[Problem requirements]: In the records below, find the line containing "unfolds the whole" and the line containing "c1 xi * ((2"; please repeat exactly the lines from one to the other, both included, and nothing more.

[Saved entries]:

(* Let $m,n,u\in\mathbb{R}$ with $n\neq0$, and let $(G_2,g,J)$ be the three-dimensional Lorentzian Lie group described in the context. Write $\mathbb{V}_{RC}$ for the real vector space of left-invariant Ricci collineations $\xi=\lambda_1\overline{e}_1+\lambda_2\overline{e}_2+\lambda_3\overline{e}_3$ ($\lambda_i\in\mathbb{R}$ constants) associated to the Yano connection. Then $(G_2,g,J)$ admits a nonzero left-invariant Ricci collineation if and only if one of the following holds: (1) $m=0$; in this case $\xi$ is a left-invariant Ricci collineation iff $\lambda_1=0$ and $n\lambda_2=u\lambda_3$, and $\mathbb{V}_{RC}=\langle \frac{u}{n}\overline{e}_2+\overline{e}_3\rangle$; (2) $m\neq0$ and $u=\frac14 m$; in this case $\xi$ is a left-invariant Ricci collineation iff $\lambda_1=0$ and $\lambda_2=-\frac{nu}{n^2+2u^2}\lambda_3$, and $\mathbb{V}_{RC}=\langle -\frac{nu}{n^2+2u^2}\overline{e}_2+\overline{e}_3\rangle$.
   Context: $G_2$ is a connected three-dimensional Lie group whose Lie algebra has a basis $\{\overline{e}_1,\overline{e}_2,\overline{e}_3\}$ (left-invariant vector fields) with $[\overline{e}_1,\overline{e}_2]=n\overline{e}_2-u\overline{e}_3$, $[\overline{e}_1,\overline{e}_3]=-u\overline{e}_2-n\overline{e}_3$, $[\overline{e}_2,\overline{e}_3]=m\overline{e}_1$, $n\neq0$. The metric $g$ is the left-invariant Lorentzian metric with $g(\overline{e}_1,\overline{e}_1)=g(\overline{e}_2,\overline{e}_2)=1$, $g(\overline{e}_3,\overline{e}_3)=-1$, $g(\overline{e}_i,\overline{e}_j)=0$ for $i\neq j$. $J$ is the left-invariant product structure with $J\overline{e}_1=\overline{e}_1$, $J\overline{e}_2=\overline{e}_2$, $J\overline{e}_3=-\overline{e}_3$. With $\nabla^{LC}$ the Levi-Civita connection of $g$, the Yano connection is $\nabla^{*}_XY=\nabla^{LC}_XY-\frac12(\nabla^{LC}_YJ)JX-\frac14[(\nabla^{LC}_XJ)JY-(\nabla^{LC}_{JX}J)Y]$; its curvature is $R^{*}(X,Y)Z=\nabla^{*}_X\nabla^{*}_YZ-\nabla^{*}_Y\nabla^{*}_XZ-\nabla^{*}_{[X,Y]}Z$; its Ricci tensor is $\mathrm{Ric}^{*}(X,Y)=-g(R^{*}(X,\overline{e}_1)Y,\overline{e}_1)-g(R^{*}(X,\overline{e}_2)Y,\overline{e}_2)+g(R^{*}(X,\overline{e}_3)Y,\overline{e}_3)$; and $\overline{\mathrm{Ric}^{*}}(X,Y)=\frac12(\mathrm{Ric}^{*}(X,Y)+\mathrm{Ric}^{*}(Y,X))$. For a left-invariant vector field $\xi$, $(\mathrm{L}_{\xi}\overline{\mathrm{Ric}^{*}})(X,Y)=\xi(\overline{\mathrm{Ric}^{*}}(X,Y))-\overline{\mathrm{Ric}^{*}}([\xi,X],Y)-\overline{\mathrm{Ric}^{*}}(X,[\xi,Y])$; $\xi$ is a left-invariant Ricci collineation if $\mathrm{L}_{\xi}\overline{\mathrm{Ric}^{*}}=0$. *)

(* vectors of the Lie algebra of G_2 are row vectors 'rV[R]_3
   (coordinates w.r.t. the left-invariant frame e1, e2, e3), R : realType. *)
From HB Require Import structures.
From mathcomp Require Import all_boot all_order all_algebra.
From mathcomp Require Import all_classical all_reals.
Set Implicit Arguments. Unset Strict Implicit. Unset Printing Implicit Defensive.
Import Order.TTheory GRing.Theory Num.Theory.
Local Open Scope ring_scope.

Section G2.
Variable R : realType.
Variables m n u : R.

Definition vec := 'rV[R]_3.
Definition i1 : 'I_3 := @Ordinal 3 0 isT.
Definition i2 : 'I_3 := @Ordinal 3 1 isT.
Definition i3 : 'I_3 := @Ordinal 3 2 isT.
Definition e1 : vec := delta_mx 0 i1.
Definition e2 : vec := delta_mx 0 i2.
Definition e3 : vec := delta_mx 0 i3.
Definition c1 (X : vec) : R := X 0 i1.
Definition c2 (X : vec) : R := X 0 i2.
Definition c3 (X : vec) : R := X 0 i3.
Definition vec3 (l1 l2 l3 : R) : vec := l1 *: e1 + l2 *: e2 + l3 *: e3.

(* Lie bracket, bilinear extension of
   [e1,e2] = n e2 - u e3, [e1,e3] = -u e2 - n e3, [e2,e3] = m e1 *)
Definition br (X Y : vec) : vec :=
  (c1 X * c2 Y - c2 X * c1 Y) *: (n *: e2 - u *: e3)
  + (c1 X * c3 Y - c3 X * c1 Y) *: (- u *: e2 - n *: e3)
  + (c2 X * c3 Y - c3 X * c2 Y) *: (m *: e1).

Definition g (X Y : vec) : R := c1 X * c1 Y + c2 X * c2 Y - c3 X * c3 Y.

Definition J (X : vec) : vec := c1 X *: e1 + c2 X *: e2 - c3 X *: e3.

(* Levi-Civita connection on left-invariant fields, via the Koszul formula
   2 g(nabla_X Y, Z) = g([X,Y],Z) - g([Y,Z],X) + g([Z,X],Y)
   and nabla_X Y = sum_k g(e_k,e_k) g(nabla_X Y, e_k) e_k. *)
Definition koszul (X Y Z : vec) : R := g (br X Y) Z - g (br Y Z) X + g (br Z X) Y.
Definition LC (X Y : vec) : vec :=
  (koszul X Y e1 / 2) *: e1 + (koszul X Y e2 / 2) *: e2 - (koszul X Y e3 / 2) *: e3.

Definition LCJ (X Y : vec) : vec := LC X (J Y) - J (LC X Y).

Definition yano (X Y : vec) : vec :=
  LC X Y - (1/2) *: LCJ Y (J X) - (1/4) *: (LCJ X (J Y) - LCJ (J X) Y).

Definition curv (X Y Z : vec) : vec :=
  yano X (yano Y Z) - yano Y (yano X Z) - yano (br X Y) Z.

Definition ric (X Y : vec) : R :=
  - g (curv X e1 Y) e1 - g (curv X e2 Y) e2 + g (curv X e3 Y) e3.
Definition ricbar (X Y : vec) : R := (ric X Y + ric Y X) / 2.

(* Lie derivative of ricbar along a left-invariant xi, evaluated on
   left-invariant X, Y.  The term xi(ricbar(X,Y)) vanishes since ricbar(X,Y)
   is constant for left-invariant X, Y. *)
Definition lie_ricbar (xi X Y : vec) : R :=
  0 - ricbar (br xi X) Y - ricbar X (br xi Y).

Definition ricci_coll (xi : vec) : Prop := forall X Y : vec, lie_ricbar xi X Y = 0.

End G2.

From HB Require Import structures.
From mathcomp Require Import all_boot all_order all_algebra.
From mathcomp Require Import all_classical all_reals.
From mathcomp Require Import ring.
Import Order.TTheory GRing.Theory Num.Theory.
Local Open Scope ring_scope.

(* Everything is evaluated on left-invariant fields, where the Levi-Civita
   and Yano connections, the curvature and the Ricci tensor are polynomial in
   the coordinates with respect to the frame e1, e2, e3.  The symmetrised Ricci
   tensor turns out to be
     -(n^2 + u^2) x1 y1 - (n^2 + m u) x2 y2 - (m n / 2) (x2 y3 + x3 y2),
   and its Lie derivative along xi vanishes iff lambda1 = 0 and two linear
   equations in (lambda2, lambda3) hold, the second one multiplied by m.  For
   m = 0 only the first equation remains.  For m <> 0 the 2x2 system has
   determinant 2 n (u - m/4) (n^2 + u^2), so it has a nonzero solution exactly
   when u = m/4, where the two equations coincide. *)

Section Coordinates.
Context {R : realType}.
Implicit Types (X : vec R) (a b c k : R).

Lemma c1_vec3 a b c : c1 (vec3 a b c) = a.
Proof. by rewrite /c1 /vec3 /e1 /e2 /e3 !mxE /=; ring. Qed.
Lemma c2_vec3 a b c : c2 (vec3 a b c) = b.
Proof. by rewrite /c2 /vec3 /e1 /e2 /e3 !mxE /=; ring. Qed.
Lemma c3_vec3 a b c : c3 (vec3 a b c) = c.
Proof. by rewrite /c3 /vec3 /e1 /e2 /e3 !mxE /=; ring. Qed.

Lemma vec3_coord X : X = vec3 (c1 X) (c2 X) (c3 X).
Proof.
apply/rowP => -[[|[|[|j]]] hj] //; rewrite !mxE /= ?mulr1 ?mulr0 ?addr0 ?add0r.
all: by congr (X _ _); apply: val_inj.
Qed.

Lemma e1_vec3 : e1 R = vec3 1 0 0.
Proof. by rewrite /vec3 scale1r !scale0r !addr0. Qed.
Lemma e2_vec3 : e2 R = vec3 0 1 0.
Proof. by rewrite /vec3 scale1r !scale0r add0r addr0. Qed.
Lemma e3_vec3 : e3 R = vec3 0 0 1.
Proof. by rewrite /vec3 scale1r !scale0r !add0r. Qed.

Lemma vec3D a b c (a' b' c' : R) :
  vec3 a b c + vec3 a' b' c' = vec3 (a + a') (b + b') (c + c').
Proof. by rewrite /vec3 !scalerDl addrACA (addrACA (a *: _)). Qed.

Lemma vec3N a b c : - vec3 a b c = vec3 (- a) (- b) (- c).
Proof. by rewrite /vec3 !scaleNr !opprD. Qed.

Lemma vec3Z k a b c : k *: vec3 a b c = vec3 (k * a) (k * b) (k * c).
Proof. by rewrite /vec3 !scalerDr !scalerA. Qed.

Lemma line_vec_neq0 k : k *: e2 R + e3 R != 0.
Proof.
apply/eqP => /(congr1 (@c3 R)).
rewrite e2_vec3 e3_vec3 vec3Z vec3D c3_vec3 /c3 mxE mulr0 add0r.
by move/eqP; rewrite oner_eq0.
Qed.

Lemma on_lineP k X :
  (c1 X = 0 /\ c2 X = k * c3 X) <-> exists c, X = c *: (k *: e2 R + e3 R).
Proof.
rewrite e2_vec3 e3_vec3 vec3Z vec3D.
split=> [[h1 h2] | [c ->]]; last by rewrite vec3Z c1_vec3 c2_vec3 c3_vec3; split; ring.
by exists (c3 X); rewrite vec3Z {1}(vec3_coord X) h1 h2; congr vec3; ring.
Qed.

End Coordinates.

Local Notation coordE := (c1_vec3, c2_vec3, c3_vec3).

Section YanoRicci.
Context {R : realType} (m n u : R).
Implicit Types (xi X Y : vec R).

Lemma g_vec3 (a b c a' b' c' : R) :
  g (vec3 a b c) (vec3 a' b' c') = a * a' + b * b' - c * c'.
Proof. by rewrite /g !coordE. Qed.

Lemma br_vec3 X Y :
  br m n u X Y =
  vec3 (m * (c2 X * c3 Y - c3 X * c2 Y))
       (n * (c1 X * c2 Y - c2 X * c1 Y) - u * (c1 X * c3 Y - c3 X * c1 Y))
       (- u * (c1 X * c2 Y - c2 X * c1 Y) - n * (c1 X * c3 Y - c3 X * c1 Y)).
Proof.
rewrite /br e1_vec3 e2_vec3 e3_vec3.
by rewrite !(vec3Z, vec3N, vec3D); congr vec3; ring.
Qed.

Lemma J_vec3 X : J X = vec3 (c1 X) (c2 X) (- c3 X).
Proof.
by rewrite /J e1_vec3 e2_vec3 e3_vec3 !(vec3Z, vec3N, vec3D); congr vec3; ring.
Qed.

Lemma LC_vec3 X Y :
  LC m n u X Y =
  vec3 (m / 2 * (c2 X * c3 Y - c3 X * c2 Y) + n * (c2 X * c2 Y + c3 X * c3 Y))
       (m / 2 * (c1 X * c3 Y + c3 X * c1 Y) - n * c2 X * c1 Y - u * c1 X * c3 Y)
       (m / 2 * (c1 X * c2 Y + c2 X * c1 Y) + n * c3 X * c1 Y - u * c1 X * c2 Y).
Proof.
rewrite /LC /koszul e1_vec3 e2_vec3 e3_vec3 !br_vec3 /g !coordE.
by rewrite !(vec3Z, vec3N, vec3D); congr vec3; field.
Qed.

Lemma LCJ_vec3 X Y :
  LCJ m n u X Y =
  vec3 (- m * c2 X * c3 Y - 2 * n * c3 X * c3 Y)
       ((2 * u - m) * c1 X * c3 Y)
       (m * (c1 X * c2 Y + c2 X * c1 Y) + 2 * n * c3 X * c1 Y - 2 * u * c1 X * c2 Y).
Proof.
rewrite /LCJ !LC_vec3 !J_vec3.
by rewrite !coordE !(vec3N, vec3D); congr vec3; field.
Qed.

Lemma yano_vec3 X Y :
  yano m n u X Y =
  vec3 (n * c2 X * c2 Y - m * c3 X * c2 Y)
       (u * c3 X * c1 Y - n * c2 X * c1 Y)
       (u * (c2 X * c1 Y - c1 X * c2 Y) - n * c1 X * c3 Y).
Proof.
rewrite /yano !LCJ_vec3 !LC_vec3 !J_vec3 !coordE.
by rewrite !(vec3Z, vec3N, vec3D); congr vec3; field.
Qed.

Lemma ric_coord X Y :
  ric m n u X Y =
  - (n ^+ 2 + u ^+ 2) * c1 X * c1 Y - (n ^+ 2 + m * u) * c2 X * c2 Y
  - m * n * c2 X * c3 Y.
Proof.
rewrite /ric /curv e1_vec3 e2_vec3 e3_vec3 !br_vec3.
(* Inner [yano] terms first: a failed unification between two nested ones
   unfolds the whole connection and takes forever. *)
rewrite ![yano _ _ _ _ Y]yano_vec3 !coordE.
by rewrite !yano_vec3 !coordE !(vec3N, vec3D) !g_vec3; ring.
Qed.

Lemma ricbar_coord X Y :
  ricbar m n u X Y =
  - (n ^+ 2 + u ^+ 2) * c1 X * c1 Y - (n ^+ 2 + m * u) * c2 X * c2 Y
  - m * n / 2 * (c2 X * c3 Y + c3 X * c2 Y).
Proof. by rewrite /ricbar !ric_coord; field. Qed.

Definition lie_coef12 xi := (n ^+ 2 + m * u / 2) * c2 xi + n * (m / 2 - u) * c3 xi.
Definition lie_coef13 xi := (n ^+ 2 + 2 * u ^+ 2) * c2 xi + n * u * c3 xi.

Lemma lie_ricbar_coord xi X Y :
  lie_ricbar m n u xi X Y =
  c1 xi * ((2 * n ^+ 3 + m * n * u) * c2 X * c2 Y - m * n * u * c3 X * c3 Y
           - u * (n ^+ 2 + m * u) * (c2 X * c3 Y + c3 X * c2 Y))
  - n * lie_coef12 xi * (c1 X * c2 Y + c2 X * c1 Y)
  + m * lie_coef13 xi / 2 * (c1 X * c3 Y + c3 X * c1 Y).
Proof.
rewrite /lie_ricbar !ricbar_coord !br_vec3 !coordE.
by rewrite /lie_coef12 /lie_coef13; field.
Qed.

End YanoRicci.

Lemma sqrD_gt0 (R : realDomainType) (x y : R) : x != 0 -> 0 <= y -> 0 < x ^+ 2 + y.
Proof. by move=> x0 y0; rewrite ltr_wpDr // exprn_even_gt0 // x0 orbT. Qed.

Lemma mulr_eq_divP (F : fieldType) (a b x y : F) :
  a != 0 -> a * x = b * y <-> x = b / a * y.
Proof. by move=> a0; split=> [h | ->]; [apply: (mulfI a0); rewrite h | ]; field. Qed.

Section Collineations.
Context {R : realType} (m n u : R).
Hypothesis n0 : n != 0.
Implicit Types xi : vec R.

Lemma ricci_collP xi :
  ricci_coll m n u xi <->
  [/\ c1 xi = 0, lie_coef12 m n u xi = 0 & m * lie_coef13 n u xi = 0].
Proof.
split=> [coll | [h1 h12 h13] X Y]; last first.
  by rewrite lie_ricbar_coord h1 h12 h13; ring.
have h1 : c1 xi = 0.
  transitivity ((lie_ricbar m n u xi (e2 R) (e2 R)
                 + lie_ricbar m n u xi (e3 R) (e3 R)) / (2 * n ^+ 3)).
    by rewrite !lie_ricbar_coord e2_vec3 e3_vec3 !coordE; field.
  by rewrite !coll addr0 mul0r.
split=> //.
  rewrite -[RHS](mulr0 (- n^-1)) -(coll (e1 R) (e2 R)) lie_ricbar_coord.
  by rewrite e1_vec3 e2_vec3 !coordE h1; field.
rewrite -[RHS](mulr0 2) -(coll (e1 R) (e3 R)) lie_ricbar_coord.
by rewrite e1_vec3 e3_vec3 !coordE h1; field.
Qed.

Lemma ricci_coll_eq0 (m0 : m != 0) (um : u != m / 4) xi : ricci_coll m n u xi -> xi = 0.
Proof.
move=> /ricci_collP[h1 h12 /eqP]; rewrite mulf_eq0 (negbTE m0) /= => /eqP h13.
have det0 : 2 * n * (u - m / 4) * (n ^+ 2 + u ^+ 2) != 0.
  rewrite !mulf_neq0 ?pnatr_eq0 ?subr_eq0 //.
  by rewrite gt_eqF // sqrD_gt0 // sqr_ge0.
(* Cramer's rule for the system lie_coef12 xi = lie_coef13 xi = 0. *)
have h2 : c2 xi = 0.
  apply: (mulfI det0); rewrite mulr0.
  transitivity (n * u * lie_coef12 m n u xi - n * (m / 2 - u) * lie_coef13 n u xi).
    by rewrite /lie_coef12 /lie_coef13; field.
  by rewrite h12 h13 !mulr0 subrr.
have h3 : c3 xi = 0.
  apply: (mulfI det0); rewrite mulr0.
  transitivity ((n ^+ 2 + m * u / 2) * lie_coef13 n u xi
                - (n ^+ 2 + 2 * u ^+ 2) * lie_coef12 m n u xi).
    by rewrite /lie_coef12 /lie_coef13; field.
  by rewrite h12 h13 !mulr0 subrr.
by rewrite (vec3_coord xi) h1 h2 h3 /vec3 !scale0r !addr0.
Qed.

Lemma ricci_coll_m0 (m0 : m = 0) xi :
  ricci_coll m n u xi <-> c1 xi = 0 /\ n * c2 xi = u * c3 xi.
Proof.
rewrite ricci_collP m0 mul0r.
have -> : lie_coef12 0 n u xi = n * (n * c2 xi - u * c3 xi).
  by rewrite /lie_coef12; ring.
split=> [[h1 /eqP] | [h1 h]]; last by split; rewrite // h subrr mulr0.
by rewrite mulf_eq0 (negbTE n0) subr_eq0 => /eqP h; split.
Qed.

Lemma ricci_coll_quarter (um : u = m / 4) xi :
  ricci_coll m n u xi <->
  c1 xi = 0 /\ c2 xi = - (n * u / (n ^+ 2 + 2 * u ^+ 2)) * c3 xi.
Proof.
have coef : lie_coef12 m n u xi = lie_coef13 n u xi.
  by rewrite /lie_coef12 /lie_coef13 um; field.
have D0 : n ^+ 2 + 2 * u ^+ 2 != 0.
  by rewrite gt_eqF // sqrD_gt0 // mulr_ge0 // sqr_ge0.
have coef13P :
    lie_coef13 n u xi = 0 <-> c2 xi = - (n * u / (n ^+ 2 + 2 * u ^+ 2)) * c3 xi.
  rewrite /lie_coef13; split=> [h | ->]; last by field.
  by apply: (mulfI D0); rewrite -[LHS]subr0 -h; field.
rewrite ricci_collP coef.
split=> [[h1 /coef13P h2 _] | [h1 /coef13P h13]] //.
by split; rewrite // h13 mulr0.
Qed.

Lemma ricci_coll_m0_span (m0 : m = 0) xi :
  ricci_coll m n u xi <-> exists c, xi = c *: ((u / n) *: e2 R + e3 R).
Proof. by rewrite -on_lineP ricci_coll_m0 // mulr_eq_divP. Qed.

Lemma ricci_coll_quarter_span (um : u = m / 4) xi :
  ricci_coll m n u xi <->
  exists c, xi = c *: ((- (n * u / (n ^+ 2 + 2 * u ^+ 2))) *: e2 R + e3 R).
Proof. by rewrite -on_lineP ricci_coll_quarter. Qed.

End Collineations.

Theorem theorem3p6 (R : realType) (m n u : R) (hn : n != 0) :
  ((exists xi : vec R, xi != 0 /\ ricci_coll m n u xi) <->
     (m = 0 \/ (m != 0 /\ u = m / 4)))
  /\ (m = 0 ->
        (forall l1 l2 l3 : R,
           ricci_coll m n u (vec3 l1 l2 l3) <-> (l1 = 0 /\ n * l2 = u * l3))
        /\ (forall xi : vec R,
              ricci_coll m n u xi <->
              exists c : R, xi = c *: ((u / n) *: e2 R + e3 R)))
  /\ (m != 0 -> u = m / 4 ->
        (forall l1 l2 l3 : R,
           ricci_coll m n u (vec3 l1 l2 l3) <->
           (l1 = 0 /\ l2 = - (n * u / (n ^+ 2 + 2 * u ^+ 2)) * l3))
        /\ (forall xi : vec R,
              ricci_coll m n u xi <->
              exists c : R,
                xi = c *: ((- (n * u / (n ^+ 2 + 2 * u ^+ 2))) *: e2 R + e3 R))).
Proof.
split; [split | split].
- case=> xi [xi0 coll]; have [m0 | m0] := eqVneq m 0; [by left | right; split=> //].
  apply/eqP; apply: contraNT xi0 => um; apply/eqP.
  exact: ricci_coll_eq0 coll.
- case=> [m0 | [_ um]].
    exists ((u / n) *: e2 R + e3 R); split; first exact: line_vec_neq0.
    by rewrite ricci_coll_m0_span //; exists 1; rewrite scale1r.
  exists ((- (n * u / (n ^+ 2 + 2 * u ^+ 2))) *: e2 R + e3 R).
  split; first exact: line_vec_neq0.
  by rewrite ricci_coll_quarter_span //; exists 1; rewrite scale1r.
- move=> m0; split=> [l1 l2 l3 | xi]; last exact: ricci_coll_m0_span.
  by rewrite ricci_coll_m0 // c1_vec3 c2_vec3 c3_vec3.
- move=> _ um; split=> [l1 l2 l3 | xi]; last exact: ricci_coll_quarter_span.
  by rewrite ricci_coll_quarter // c1_vec3 c2_vec3 c3_vec3.
Qed.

[Expected answer]:
   unfolds the whole connection and takes forever. *)
rewrite ![yano _ _ _ _ Y]yano_vec3 !coordE.
by rewrite !yano_vec3 !coordE !(vec3N, vec3D) !g_vec3; ring.
Qed.

Lemma ricbar_coord X Y :
  ricbar m n u X Y =
  - (n ^+ 2 + u ^+ 2) * c1 X * c1 Y - (n ^+ 2 + m * u) * c2 X * c2 Y
  - m * n / 2 * (c2 X * c3 Y + c3 X * c2 Y).
Proof. by rewrite /ricbar !ric_coord; field. Qed.

Definition lie_coef12 xi := (n ^+ 2 + m * u / 2) * c2 xi + n * (m / 2 - u) * c3 xi.
Definition lie_coef13 xi := (n ^+ 2 + 2 * u ^+ 2) * c2 xi + n * u * c3 xi.

Lemma lie_ricbar_coord xi X Y :
  lie_ricbar m n u xi X Y =
  c1 xi * ((2 * n ^+ 3 + m * n * u) * c2 X * c2 Y - m * n * u * c3 X * c3 Y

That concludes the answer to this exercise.